# TASK TO CARRY OUT
Repeat precisely, and only, the lines between the line containing "(* Couplings of" and the end of the listing below, both ends included.

---

Definition gdist (R : realType) (y z : V) : \bar R :=
  match pselect (exists n, `[< walk n y z >]) with
  | left h => ((ex_minn h)%:R)%:E
  | right _ => +oo%E
  end.

Definition lazy_rw (R : realType) (t : R) (x : V) : V -> R :=
  fun y => if y == x then 1 - t
           else if y \in nb x then t / (size (nb x))%:R else 0.

Definition is_coupling (R : realType) (m m' : V -> R) (xi : V -> V -> R) : Prop :=
  (forall y y', 0 <= xi y y') /\
  (forall y, (\esum_(y' in [set: V]) (xi y y')%:E = (m y)%:E)%E) /\
  (forall y', (\esum_(y in [set: V]) (xi y y')%:E = (m' y')%:E)%E).

Definition coupling_cost (R : realType) (xi : V -> V -> R) : \bar R :=
  (\esum_(p in [set: V * V]) ((xi p.1 p.2)%:E * gdist R p.1 p.2))%E.

Definition W1 (R : realType) (m m' : V -> R) : \bar R :=
  ereal_inf [set coupling_cost xi | xi in [set xi | is_coupling m m' xi]].

Definition kappa (R : realType) (t : R) (x x' : V) : R :=
  1 - fine (W1 (lazy_rw t x) (lazy_rw t x')) / fine (gdist R x x').

Definition ric (R : realType) (x x' : V) : \bar R :=
  limf_einf (fun t : R => (kappa t x x' / t)%:E) (0%R)^'+.

End Graph.

From HB Require Import structures.
From mathcomp Require Import all_boot all_order all_algebra.
From mathcomp Require Import all_classical all_reals all_analysis.
From mathcomp Require Import zify ring lra.
Set Implicit Arguments. Unset Strict Implicit. Unset Printing Implicit Defensive.
Import Order.TTheory GRing.Theory Num.Theory.
Import numFieldNormedType.Exports.
Local Open Scope ring_scope.

(* Couplings of mu^t_x and mu^t_x' live on the product of the two closed
   neighbourhoods, so W1 is the value of a finite transportation problem whose
   costs are graph distances, hence integers.  For t = 1/N the marginals become
   integral once multiplied by M = N delta delta'.  A transportation plan with
   integral marginals and some fractional entry admits a nonzero circulation
   supported on its fractional entries (each row and column meeting them meets
   them twice, so they are at least as many as those rows and columns); moving
   along it in the cost-decreasing direction makes one more entry integral.
   Hence some optimal plan has entries in (1/M)N, W1 lies in (1/M)N, and
   kappa^t / t lies in (1/(delta delta'))Z at t = 1/N.  Mixing a plan with the
   coupling that keeps all mass at (x, x') shows that kappa^t / t is
   nonincreasing in t; being bounded by 2 and quantized along t = 1/N, it is
   constant for small t, and ric equals that constant. *)

Lemma left_kernel_nonzero (F : fieldType) m n (A : 'M[F]_(m, n)) (w : 'cV_n) :
  w != 0 -> A *m w = 0 -> (n <= m)%N -> exists2 u : 'rV_m, u != 0 & u *m A = 0.
Proof.
move=> w_neq0 Aw0 le_nm.
have /mxrankS : (w^T <= kermx A^T)%MS.
  by apply/sub_kermxP; rewrite -trmx_mul Aw0 trmx0.
rewrite rank_rV trmx_eq0 w_neq0 mxrank_ker mxrank_tr => rankA.
have : kermx A != 0.
  rewrite kermx_eq0 /row_free; apply: contraL rankA => /eqP->.
  by rewrite subn_gt0 -leqNgt.
case/matrix0Pn=> i [j kerA_ij]; exists (row i (kermx A)).
  by apply/rV0Pn; exists j; rewrite mxE.
by rewrite -row_mul mulmx_ker row0.
Qed.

---

# WRITTEN REPLY
(* Couplings of mu^t_x and mu^t_x' live on the product of the two closed
   neighbourhoods, so W1 is the value of a finite transportation problem whose
   costs are graph distances, hence integers.  For t = 1/N the marginals become
   integral once multiplied by M = N delta delta'.  A transportation plan with
   integral marginals and some fractional entry admits a nonzero circulation
   supported on its fractional entries (each row and column meeting them meets
   them twice, so they are at least as many as those rows and columns); moving
   along it in the cost-decreasing direction makes one more entry integral.
   Hence some optimal plan has entries in (1/M)N, W1 lies in (1/M)N, and
   kappa^t / t lies in (1/(delta delta'))Z at t = 1/N.  Mixing a plan with the
   coupling that keeps all mass at (x, x') shows that kappa^t / t is
   nonincreasing in t; being bounded by 2 and quantized along t = 1/N, it is
   constant for small t, and ric equals that constant. *)

Lemma left_kernel_nonzero (F : fieldType) m n (A : 'M[F]_(m, n)) (w : 'cV_n) :
  w != 0 -> A *m w = 0 -> (n <= m)%N -> exists2 u : 'rV_m, u != 0 & u *m A = 0.
Proof.
move=> w_neq0 Aw0 le_nm.
have /mxrankS : (w^T <= kermx A^T)%MS.
  by apply/sub_kermxP; rewrite -trmx_mul Aw0 trmx0.
rewrite rank_rV trmx_eq0 w_neq0 mxrank_ker mxrank_tr => rankA.
have : kermx A != 0.
  rewrite kermx_eq0 /row_free; apply: contraL rankA => /eqP->.
  by rewrite subn_gt0 -leqNgt.
case/matrix0Pn=> i [j kerA_ij]; exists (row i (kermx A)).
  by apply/rV0Pn; exists j; rewrite mxE.
by rewrite -row_mul mulmx_ker row0.
Qed.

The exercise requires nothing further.